Chinese short text classification model with multi-head self-attention mechanism
ZHANG Xiaochuan1, DAI Xuyao2, LIU Lu1, FENG Tianshuo1
1. College of Liangjiang Artificial Intelligence, Chongqing University of Technology, Chongqing 401135, China; 2. College of Computer Science and Engineering, Chongqing University of Technology, Chongqing 400054, China
Abstract:Aiming at the problem that the semantic ambiguity caused by the lack of context information in Chinese short texts results in feature sparsity, a text classification model combing Convolutional Neural Network and Multi-Head self-Attention mechanism (CNN-MHA) was proposed. Firstly, the existing Bidirectional Encoder Representations from Transformers (BERT) pre-training language model was used to format the sentence-level short texts in the form of character-level vectors. Secondly, in order to reduce the noise, the Multi-Head self-Attention mechanism (MHA) was used to learn the word dependence inside the text sequence and generate the hidden layer vector with global semantic information.
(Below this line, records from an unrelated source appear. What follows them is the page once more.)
(* Let $d\ge3$, let $C$ be a set of lines on ${\rm F}_d$ and put $C^s=C\cap\mathcal{L}^s$ for $s=0,1,2$. Then: (a) $C^0$ consists of pairwise disjoint lines if and only if $C^0=\{L^0_{a_1,b_1},\dots,L^0_{a_m,b_m}\}$ with $\#C^0=m$, $0\le a_1<\dots<a_m\le d-1$, and there is a permutation $\sigma$ of $R_d$ with $\sigma(a_i)=b_i$ for all $i$; (b) $C^1$ consists of pairwise disjoint lines if and only if $C^1=\{L^1_{a_1,b_1},\dots,L^1_{a_m,b_m}\}$ with $\#C^1=m$, $0\le b_1<\dots<b_m\le d-1$, and $\varphi_{d,+}$ restricted to $\{(a_i,b_i)\}_{i=1}^m$ is injective; (c) $C^2$ consists of pairwise disjoint lines if and only if $C^2=\{L^2_{a_1,b_1},\dots,L^2_{a_m,b_m}\}$ with $\#C^2=m$, $0\le b_1<\dots<b_m\le d-1$, and $\varphi_{d,+}$ restricted to $\{(a_i,b_i)\}_{i=1}^m$ is injective.
   Context: ${\rm F}_d\subset\mathbb{P}^3(\mathbb{C})$ is the surface $x^d-y^d-z^d+w^d=0$; $R_d=\{0,\dots,d-1\}$ and $r_d$ denotes remainder mod $d$. Fix a primitive $d$-th root of unity $\eta$ and $v\in\mathbb{C}$ with $v^d=-1$. For $k,i\in R_d$ define $L^0_{k,i}:\{y=\eta^i x,\ w=\eta^k z\}$, $L^1_{k,i}:\{x=\eta^{k+i}z,\ y=\eta^i w\}$, $L^2_{k,i}:\{x=v\eta^i w,\ y=v\eta^{k+i}z\}$, and $\mathcal{L}^s=\{L^s_{k,i}\}_{k,i\in R_d}$; these are all the lines on ${\rm F}_d$. Define $\varphi_{d,+}:R_d\times R_d\to R_d$ by $\varphi_{d,+}(k,i)=r_d(i+k)$. *)

From HB Require Import structures.
From mathcomp Require Import all_boot all_order all_algebra.
From mathcomp Require Import fingroup perm complex Rstruct.
Set Implicit Arguments. Unset Strict Implicit. Unset Printing Implicit Defensive.
Import Order.TTheory GRing.Theory Num.Theory.
Local Open Scope ring_scope.

Definition CC : Type := complex Rdefinitions.R.

(* Homogeneous coordinates (x, y, z, w) of a point of P^3(C):
   a nonzero vector of C^4 (the equations below are homogeneous,
   so working with representatives is harmless). *)
Definition nonzero_pt (x y z w : CC) : Prop :=
  ~ (x = 0 /\ y = 0 /\ z = 0 /\ w = 0).

Definition on_Fd (d : nat) (x y z w : CC) : Prop :=
  x ^+ d - y ^+ d - z ^+ d + w ^+ d = 0.

(* Lines L^s_{k,i}, s = 0,1,2, as predicates on homogeneous coordinates,
   for a fixed primitive d-th root of unity eta and v with v^d = -1.
   L^0_{k,i}: y = eta^i x,  w = eta^k z
   L^1_{k,i}: x = eta^(k+i) z, y = eta^i w
   L^2_{k,i}: x = v eta^i w, y = v eta^(k+i) z *)
Definition on_line (eta v : CC) (s : 'I_3) (k i : nat) (x y z w : CC) : Prop :=
  match val s with
  | 0 => y = eta ^+ i * x /\ w = eta ^+ k * z
  | 1 => x = eta ^+ (k + i) * z /\ y = eta ^+ i * w
  | _ => x = v * eta ^+ i * w /\ y = v * eta ^+ (k + i) * z
  end.

Definition lines_disjoint (eta v : CC) (s : 'I_3) (k1 i1 k2 i2 : nat) : Prop :=
  forall x y z w : CC, nonzero_pt x y z w ->
    ~ (on_line eta v s k1 i1 x y z w /\ on_line eta v s k2 i2 x y z w).

(* A set of lines on F_d is a set of labels (s, (k, i)) with s in {0,1,2},
   k, i in R_d; the label (s,(k,i)) stands for the line L^s_{k,i}. *)
Definition line_label (d : nat) : finType := ('I_3 * ('I_d * 'I_d))%type.

Definition Cpart (d : nat) (C : {set line_label d}) (s : 'I_3) : {set 'I_d * 'I_d} :=
  [set ki | (s, ki) \in C].

Definition pairwise_disjoint (d : nat) (eta v : CC) (s : 'I_3)
    (Cs : {set 'I_d * 'I_d}) : Prop :=
  forall p q, p \in Cs -> q \in Cs -> p != q ->
    lines_disjoint eta v s p.1 p.2 q.1 q.2.

Definition phi_plus (d : nat) (p : 'I_d * 'I_d) : nat := (p.2 + p.1) %% d.

Definition fam0 : 'I_3 := @Ordinal 3 0 isT.
Definition fam1 : 'I_3 := @Ordinal 3 1 isT.
Definition fam2 : 'I_3 := @Ordinal 3 2 isT.

From HB Require Import structures.
From mathcomp Require Import all_boot all_order all_algebra.
From mathcomp Require Import fingroup perm complex Rstruct.
Import Order.TTheory GRing.Theory Num.Theory.
Set Implicit Arguments. Unset Strict Implicit. Unset Printing Implicit Defensive.
Local Open Scope ring_scope.

(* Each line L^s_{k,i} is the graph of a diagonal linear map between two
   complementary pairs of coordinates, e.g. L^0_{k,i} = {(x, eta^i x, z, eta^k z)},
   and two such graphs meet in P^3 iff they have a common slope in one of the two
   pairs.  The slopes are eta^i, eta^k on L^0, and they are determined by i and by
   i + k mod d on L^1 and L^2.  Hence C^s is pairwise disjoint iff two labellings
   are injective on it: k and i for s = 0, i and phi_{d,+} for s = 1, 2.  For s = 0
   the pairs (k, i) then form a partial bijection of R_d, which extends to a
   permutation; listing C^s by increasing k (resp. i) gives the enumerations. *)

Lemma distinct_slopes_eq0 {R : idomainType} (a1 a2 x y : R) :
  a1 != a2 -> y = a1 * x -> y = a2 * x -> x = 0 /\ y = 0.
Proof.
move=> a12 y1 y2; have /eqP : (a1 - a2) * x = 0 by rewrite mulrBl -y1 -y2 subrr.
rewrite mulf_eq0 subr_eq0 (negbTE a12) => /eqP x0.
by rewrite y1 x0 mulr0.
Qed.

Definition graph_lines_disjoint (a1 b1 a2 b2 : CC) : Prop :=
  forall x1 y1 x2 y2 : CC, nonzero_pt x1 y1 x2 y2 ->
    ~ ((y1 = a1 * x1 /\ y2 = b1 * x2) /\ (y1 = a2 * x1 /\ y2 = b2 * x2)).

Lemma graph_lines_disjointP (a1 b1 a2 b2 : CC) :
  graph_lines_disjoint a1 b1 a2 b2 <-> a1 != a2 /\ b1 != b2.
Proof.
have one_neq0 : (1 : CC) <> 0 by apply/eqP; rewrite oner_eq0.
split=> [disj | [a12 b12] x1 y1 x2 y2 nz [[y1a1 y2b1] [y1a2 y2b2]]].
  split; apply/eqP => eq_ab.
  - apply: (disj 1 a1 0 0); first by case=> /one_neq0.
    by rewrite -eq_ab !mulr0 mulr1.
  - apply: (disj 0 0 1 b1); first by case=> _ [_ [/one_neq0]].
    by rewrite -eq_ab !mulr0 mulr1.
apply: nz; have [-> ->] := distinct_slopes_eq0 a12 y1a1 y1a2.
by have [-> ->] := distinct_slopes_eq0 b12 y2b1 y2b2.
Qed.

Section Families.

Variables (d : nat) (eta v : CC).
Hypothesis eta_prim : d.-primitive_root eta.

Lemma prim_expr_ord_eq (i j : 'I_d) : (eta ^+ i == eta ^+ j) = (i == j).
Proof. by rewrite (eq_prim_root_expr eta_prim) !modn_small. Qed.

Lemma prim_expr_phi_plus_eq (p q : 'I_d * 'I_d) :
  (eta ^+ (p.1 + p.2) == eta ^+ (q.1 + q.2)) = (phi_plus p == phi_plus q).
Proof. by rewrite (eq_prim_root_expr eta_prim) /phi_plus addnC (addnC q.1). Qed.

Lemma lines_disjoint_fam0 (p q : 'I_d * 'I_d) :
  lines_disjoint eta v fam0 p.1 p.2 q.1 q.2 <-> p.1 != q.1 /\ p.2 != q.2.
Proof.
transitivity (graph_lines_disjoint (eta ^+ p.2) (eta ^+ p.1) (eta ^+ q.2) (eta ^+ q.1)).
  exact: iff_refl.
apply: iff_trans (graph_lines_disjointP _ _ _ _) _.
by rewrite !prim_expr_ord_eq; split=> -[].
Qed.

Lemma lines_disjoint_fam1 (p q : 'I_d * 'I_d) :
  lines_disjoint eta v fam1 p.1 p.2 q.1 q.2 <-> p.2 != q.2 /\ phi_plus p != phi_plus q.
Proof.
transitivity (graph_lines_disjoint (eta ^+ (p.1 + p.2)) (eta ^+ p.2)
                                   (eta ^+ (q.1 + q.2)) (eta ^+ q.2)).
  split=> disj x1 y1 x2 y2 nz; [apply: (disj y1 y2 x1 x2) | apply: (disj x2 x1 y2 y1)];
    by move: nz; rewrite /nonzero_pt; tauto.
apply: iff_trans (graph_lines_disjointP _ _ _ _) _.
by rewrite prim_expr_phi_plus_eq prim_expr_ord_eq; split=> -[].
Qed.

Lemma lines_disjoint_fam2 (p q : 'I_d * 'I_d) : v != 0 ->
  lines_disjoint eta v fam2 p.1 p.2 q.1 q.2 <-> p.2 != q.2 /\ phi_plus p != phi_plus q.
Proof.
move=> v_neq0.
transitivity (graph_lines_disjoint (v * eta ^+ p.2) (v * eta ^+ (p.1 + p.2))
                                   (v * eta ^+ q.2) (v * eta ^+ (q.1 + q.2))).
  split=> disj x1 y1 x2 y2 nz; [apply: (disj y1 y2 x2 x1) | apply: (disj y2 x1 x2 y1)];
    by move: nz; rewrite /nonzero_pt; tauto.
apply: iff_trans (graph_lines_disjointP _ _ _ _) _.
by rewrite !(inj_eq (mulfI v_neq0)) prim_expr_phi_plus_eq prim_expr_ord_eq.
Qed.

End Families.

Lemma pairwise_disjoint_inj (d : nat) (eta v : CC) (s : 'I_3) (T U : eqType)
    (f : 'I_d * 'I_d -> T) (g : 'I_d * 'I_d -> U) (P : {set 'I_d * 'I_d}) :
  (forall p q : 'I_d * 'I_d,
     lines_disjoint eta v s p.1 p.2 q.1 q.2 <-> f p != f q /\ g p != g q) ->
  pairwise_disjoint eta v s P <-> {in P &, injective f} /\ {in P &, injective g}.
Proof.
move=> disjE; split=> [disj | [f_inj g_inj] p q pP qP pq].
  split=> p q pP qP /eqP; apply: contraTeq => pq;
    by have [] := (disjE p q).1 (disj p q pP qP pq).
apply/disjE; split.
  exact: contra_neq (f_inj p q pP qP) pq.
exact: contra_neq (g_inj p q pP qP) pq.
Qed.

Lemma uniq_graph_perm (T : finType) (s : seq (T * T)) :
  uniq (map fst s) -> uniq (map snd s) ->
  exists sigma : {perm T}, {in s, forall p, sigma p.1 = p.2}.
Proof.
elim: s => [|p s IHs] /=; first by exists 1%g.
case/andP=> p1_notin u1 /andP [p2_notin u2]; have [sigma sigmaE] := IHs u1 u2.
exists (sigma * tperm (sigma p.1) p.2)%g => q; rewrite inE permM => /predU1P [-> | qs].
  exact: tpermL.
have sigma_q := sigmaE q qs; rewrite sigma_q tpermD //.
  rewrite -sigma_q (inj_eq perm_inj); apply: contraNneq p1_notin => ->.
  by apply/mapP; exists q.
by apply: contraNneq p2_notin => ->; apply/mapP; exists q.
Qed.

Lemma injective_graph_perm (T : finType) (S : {set T * T}) :
  {in S &, injective fst} -> {in S &, injective snd} ->
  exists sigma : {perm T}, {in S, forall p, sigma p.1 = p.2}.
Proof.
have uniq_enum (g : T * T -> T) : {in S &, injective g} -> uniq (map g (enum S)).
  by move=> g_inj; rewrite map_inj_in_uniq ?enum_uniq // => p q; rewrite !mem_enum; apply: g_inj.
move=> /uniq_enum fst_uniq /uniq_enum snd_uniq.
have [sigma sigmaE] := uniq_graph_perm fst_uniq snd_uniq.
by exists sigma => p; rewrite -mem_enum; apply: sigmaE.
Qed.

Lemma sorted_set_enum (T : finType) (S : {set T}) (f : T -> nat) :
  {in S &, injective f} ->
  exists e : 'I_#|S| -> T, S = [set e j | j in 'I_#|S|] /\
    (forall j1 j2 : 'I_#|S|, (j1 < j2)%N -> (f (e j1) < f (e j2))%N).
Proof.
move=> f_inj; pose t := [tuple of sort (relpre f leq) (enum S)].
have memt x : (x \in t) = (x \in S) by rewrite mem_sort mem_enum.
exists (tnth t); split.
  apply/setP => x; apply/idP/imsetP => [|[j _ ->]]; last by rewrite -memt mem_tnth.
  by rewrite -memt => /tnthP [j ->]; exists j.
have sorted_ft : sorted ltn (map f t).
  rewrite ltn_sorted_uniq_leq map_inj_in_uniq ?sort_uniq ?enum_uniq; last first.
    by move=> x y; rewrite !memt; apply: f_inj.
  by rewrite sorted_map sort_sorted // => x y; apply: leq_total.
move=> j1 j2 j12; have x0 : T := tnth t j1.
have := sorted_ltn_nth ltn_trans 0 sorted_ft j1 j2.
rewrite !inE size_map size_tuple !ltn_ord !(nth_map x0) ?size_tuple //.
by rewrite !(tnth_nth x0); apply.
Qed.

Lemma sorted_pair_set_enum (T U : finType) (S : {set T * U}) (f : T * U -> nat) :
  {in S &, injective f} ->
  exists (a : 'I_#|S| -> T) (b : 'I_#|S| -> U), S = [set (a j, b j) | j in 'I_#|S|] /\
    (forall j1 j2 : 'I_#|S|, (j1 < j2)%N -> (f (a j1, b j1) < f (a j2, b j2))%N).
Proof.
move=> /sorted_set_enum [e [eP e_incr]].
exists (fun j => (e j).1), (fun j => (e j).2); split.
  by rewrite {1}eP; apply: eq_imset => j; case: (e j).
by move=> j1 j2; rewrite -!surjective_pairing; apply: e_incr.
Qed.

Lemma incr_ord_inj (m n : nat) (f : 'I_m -> 'I_n) :
  (forall j1 j2 : 'I_m, (j1 < j2)%N -> (f j1 < f j2)%N) -> injective f.
Proof. by move=> f_incr; apply/inc_inj/le_mono => j1 j2; apply: f_incr. Qed.

Lemma injective_graph_sorted_perm (d : nat) (P : {set 'I_d * 'I_d}) :
  {in P &, injective fst} /\ {in P &, injective snd} <->
  exists (m : nat) (a b : 'I_m -> 'I_d),
    [/\ P = [set (a j, b j) | j in 'I_m],
        #|P| = m,
        (forall j1 j2 : 'I_m, (j1 < j2)%N -> (a j1 < a j2)%N) &
        exists sigma : {perm 'I_d}, forall j : 'I_m, sigma (a j) = b j].
Proof.
split=> [[fst_inj snd_inj] | [m [a [b [-> _ a_incr [sigma sigma_ab]]]]]].
  have val_fst_inj : {in P &, injective (fun p : 'I_d * 'I_d => val p.1)}.
    by move=> p q pP qP /val_inj; apply: fst_inj.
  have [a [b [Pab a_incr]]] := sorted_pair_set_enum val_fst_inj.
  have [sigma sigmaE] := injective_graph_perm fst_inj snd_inj.
  exists #|P|, a, b; split=> //.
  by exists sigma => j; apply: (sigmaE (a j, b j)); rewrite Pab imset_f.
have a_inj := incr_ord_inj a_incr.
split=> _ _ /imsetP [j1 _ ->] /imsetP [j2 _ ->] /=.
  by move/a_inj ->.
by rewrite -!sigma_ab => /perm_inj/a_inj ->.
Qed.

Lemma injective_snd_phi_plus_sorted (d : nat) (P : {set 'I_d * 'I_d}) :
  {in P &, injective snd} /\ {in P &, injective (@phi_plus d)} <->
  exists (m : nat) (a b : 'I_m -> 'I_d),
    [/\ P = [set (a j, b j) | j in 'I_m],
        #|P| = m,
        (forall j1 j2 : 'I_m, (j1 < j2)%N -> (b j1 < b j2)%N) &
        {in ([set (a j, b j) | j in 'I_m] : {set 'I_d * 'I_d}) &, injective (@phi_plus d)}].
Proof.
split=> [[snd_inj phi_inj] | [m [a [b [-> _ b_incr phi_inj]]]]].
  have val_snd_inj : {in P &, injective (fun p : 'I_d * 'I_d => val p.2)}.
    by move=> p q pP qP /val_inj; apply: snd_inj.
  have [a [b [Pab b_incr]]] := sorted_pair_set_enum val_snd_inj.
  by exists #|P|, a, b; rewrite -Pab.
split=> // _ _ /imsetP [j1 _ ->] /imsetP [j2 _ ->] /=.
by move/(incr_ord_inj b_incr) ->.
Qed.

Theorem corollary2p4 (d : nat) (eta v : CC) (C : {set line_label d}) :
  (3 <= d)%N ->
  d.-primitive_root eta ->
  v ^+ d = -1 ->
  (* (a) *)
  (pairwise_disjoint eta v fam0 (Cpart C fam0) <->
   exists (m : nat) (a b : 'I_m -> 'I_d),
     [/\ Cpart C fam0 = [set (a j, b j) | j in 'I_m],
         #|Cpart C fam0| = m,
         (forall j1 j2 : 'I_m, (j1 < j2)%N -> (a j1 < a j2)%N) &
         exists sigma : {perm 'I_d}, forall j : 'I_m, sigma (a j) = b j])
  /\
  (* (b) *)
  (pairwise_disjoint eta v fam1 (Cpart C fam1) <->
   exists (m : nat) (a b : 'I_m -> 'I_d),
     [/\ Cpart C fam1 = [set (a j, b j) | j in 'I_m],
         #|Cpart C fam1| = m,
         (forall j1 j2 : 'I_m, (j1 < j2)%N -> (b j1 < b j2)%N) &
         {in ([set (a j, b j) | j in 'I_m] : {set 'I_d * 'I_d}) &, injective (@phi_plus d)}])
  /\
  (* (c) *)
  (pairwise_disjoint eta v fam2 (Cpart C fam2) <->
   exists (m : nat) (a b : 'I_m -> 'I_d),
     [/\ Cpart C fam2 = [set (a j, b j) | j in 'I_m],
         #|Cpart C fam2| = m,
         (forall j1 j2 : 'I_m, (j1 < j2)%N -> (b j1 < b j2)%N) &
         {in ([set (a j, b j) | j in 'I_m] : {set 'I_d * 'I_d}) &, injective (@phi_plus d)}]).
Proof.
move=> _ eta_prim v_d.
(* d >= 3 only matters for these to be all the lines of F_d. *)
have v_neq0 : v != 0.
  apply: contra_eq_neq v_d => ->; rewrite expr0n gtn_eqF ?(prim_order_gt0 eta_prim) //.
  by rewrite eq_sym oppr_eq0 oner_eq0.
split; [|split].
- apply: iff_trans (injective_graph_sorted_perm _).
  by apply: pairwise_disjoint_inj => p q; apply: lines_disjoint_fam0.
- apply: iff_trans (injective_snd_phi_plus_sorted _).
  by apply: pairwise_disjoint_inj => p q; apply: lines_disjoint_fam1.
- apply: iff_trans (injective_snd_phi_plus_sorted _).
  by apply: pairwise_disjoint_inj => p q; apply: lines_disjoint_fam2.
Qed.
Then, the hidden layer vector was input into the Convolutional Neural Network (CNN) to generate the text classification feature vector. In order to improve the optimization effect of classification, the output of convolutional layer was fused with the sentence features extracted by BERT model, and then inputted to the classifier for re-classification. Finally, the CNN-MHA model was compared with TextCNN model, BERT model and TextRCNN model respectively. Experimental results show that, the F1 performance of the improved model is increased by 3.99%, 0.76% and 2.89% respectively compared to those of the comparison models on SogouCS dataset, which proves the effectiveness of the improved model.
张小川, 戴旭尧, 刘璐, 冯天硕. 融合多头自注意力机制的中文短文本分类模型[J]. 计算机应用, 2020, 40(12): 3485-3489.
ZHANG Xiaochuan, DAI Xuyao, LIU Lu, FENG Tianshuo. Chinese short text classification model with multi-head self-attention mechanism. Journal of Computer Applications, 2020, 40(12): 3485-3489.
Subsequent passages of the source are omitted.